__EXERCISE GOAL__: Restate word for word each line of the data, starting at the one containing "have Gd0 : Gd" and running through the last.

Stored data
====

Lemma blocks_Pn_Pm X : X = Pn *m X *m Pm + (Pn *m X *m Qm + Qn *m X).
Proof.
by rewrite addrA -mulmxDr /Qm (addrC Pm) subrK mulmx1 -mulmxDl /Qn (addrC Pn) subrK mul1mx.
Qed.

Lemma frob2_blocks_Pn_Pm X :
  frob2 X = frob2 (Pn *m X *m Pm) + (frob2 (Pn *m X *m Qm) + frob2 (Qn *m X)).
Proof.
by rewrite (frob2_proj_l X Pn_adj Pn_idem) (frob2_proj_r (Pn *m X) Pm_adj Pm_idem) -addrA.
Qed.

(* A minimizer agrees with [Gs] on the [Pn .. Pm] block; any other standard component
   increases the standard part of the norm, and without one the dual parts agree. *)
Lemma residG_min_norm Z : dle (dfrob (resid Z)) (dfrob (resid (Gs, Gd))) ->
  dle (dfrob (Gs, Gd)) (dfrob Z).
Proof.
move=> /resid_minimizer[/Pn_Zs_Pm PZsP PRd].
have [Gs0|Gs_neq0] := eqVneq Gs 0.
  have Gd0 : Gd = 0 by rewrite GdE Gs0 !mul0mx oppr0.
  by rewrite Gs0 Gd0 dfrobE eqxx cfrob0 dle_infinitesimal_dfrob cfrobE sqrtr_ge0 orbT.
have frob2_Zs := frob2_blocks_Pn_Pm Z.1; rewrite PZsP in frob2_Zs.
have [rest0|rest_neq0] := eqVneq (frob2 (Pn *m Z.1 *m Qm) + frob2 (Qn *m Z.1)) 0.
  move/eqP: rest0; rewrite paddr_eq0 ?frob2_ge0 // => /andP[/eqP/frob2_eq0 PZQ /eqP/frob2_eq0 QZ].
  have Zs : Z.1 = Gs by rewrite [LHS]blocks_Pn_Pm PZsP PZQ QZ !addr0.
  have -> : dfrob Z = dfrob (Gs, Gd).
    by rewrite !dfrobE (mxtrace_dual_gram_Gs Zs (Pn_Zd_Pm Zs PRd)) Zs /= (negPf Gs_neq0).
  by rewrite /dle ltxx eqxx lexx orbT.
apply: dle_dfrob_ltr_s; rewrite /= frob2_Zs ltrDl lt0r rest_neq0.
by rewrite addr_ge0 ?frob2_ge0.
Qed.

Lemma svd_diagonal_case :
  [/\ forall Z, dle (dfrob (resid (Gs, Gd))) (dfrob (resid Z)),
      forall Z, dle (dfrob (resid Z)) (dfrob (resid (Gs, Gd))) ->
        dle (dfrob (Gs, Gd)) (dfrob Z),
      dfrob (resid (Gs, Gd)) = dfrob (dmx_of 0
        (\matrix_(i < t - r, j < t - r) if i == j then (mu (r + i)).2%:C%C else 0)) &
      r = t -> resid (Gs, Gd) = (0, 0)].
Proof using le_rt le_tm le_tn mu_s_gt0 mu_s_eq0.
split; [exact: residG_min | exact: residG_min_norm | |].
  by rewrite dfrob_residG dfrobE eqxx !cfrobE frob2_S2d.
by move=> /S2d_eq0 S2d0; rewrite residG S2d0 oppr0.
Qed.

End DiagonalCase.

====

__ANSWER SPACE__:
  have Gd0 : Gd = 0 by rewrite GdE Gs0 !mul0mx oppr0.
  by rewrite Gs0 Gd0 dfrobE eqxx cfrob0 dle_infinitesimal_dfrob cfrobE sqrtr_ge0 orbT.
have frob2_Zs := frob2_blocks_Pn_Pm Z.1; rewrite PZsP in frob2_Zs.
have [rest0|rest_neq0] := eqVneq (frob2 (Pn *m Z.1 *m Qm) + frob2 (Qn *m Z.1)) 0.
  move/eqP: rest0; rewrite paddr_eq0 ?frob2_ge0 // => /andP[/eqP/frob2_eq0 PZQ /eqP/frob2_eq0 QZ].
  have Zs : Z.1 = Gs by rewrite [LHS]blocks_Pn_Pm PZsP PZQ QZ !addr0.
  have -> : dfrob Z = dfrob (Gs, Gd).
    by rewrite !dfrobE (mxtrace_dual_gram_Gs Zs (Pn_Zd_Pm Zs PRd)) Zs /= (negPf Gs_neq0).
  by rewrite /dle ltxx eqxx lexx orbT.
apply: dle_dfrob_ltr_s; rewrite /= frob2_Zs ltrDl lt0r rest_neq0.
by rewrite addr_ge0 ?frob2_ge0.
Qed.

Lemma svd_diagonal_case :
  [/\ forall Z, dle (dfrob (resid (Gs, Gd))) (dfrob (resid Z)),
      forall Z, dle (dfrob (resid Z)) (dfrob (resid (Gs, Gd))) ->
        dle (dfrob (Gs, Gd)) (dfrob Z),
      dfrob (resid (Gs, Gd)) = dfrob (dmx_of 0
        (\matrix_(i < t - r, j < t - r) if i == j then (mu (r + i)).2%:C%C else 0)) &
      r = t -> resid (Gs, Gd) = (0, 0)].
Proof using le_rt le_tm le_tn mu_s_gt0 mu_s_eq0.
split; [exact: residG_min | exact: residG_min_norm | |].
  by rewrite dfrob_residG dfrobE eqxx !cfrobE frob2_S2d.
by move=> /S2d_eq0 S2d0; rewrite residG S2d0 oppr0.
Qed.

End DiagonalCase.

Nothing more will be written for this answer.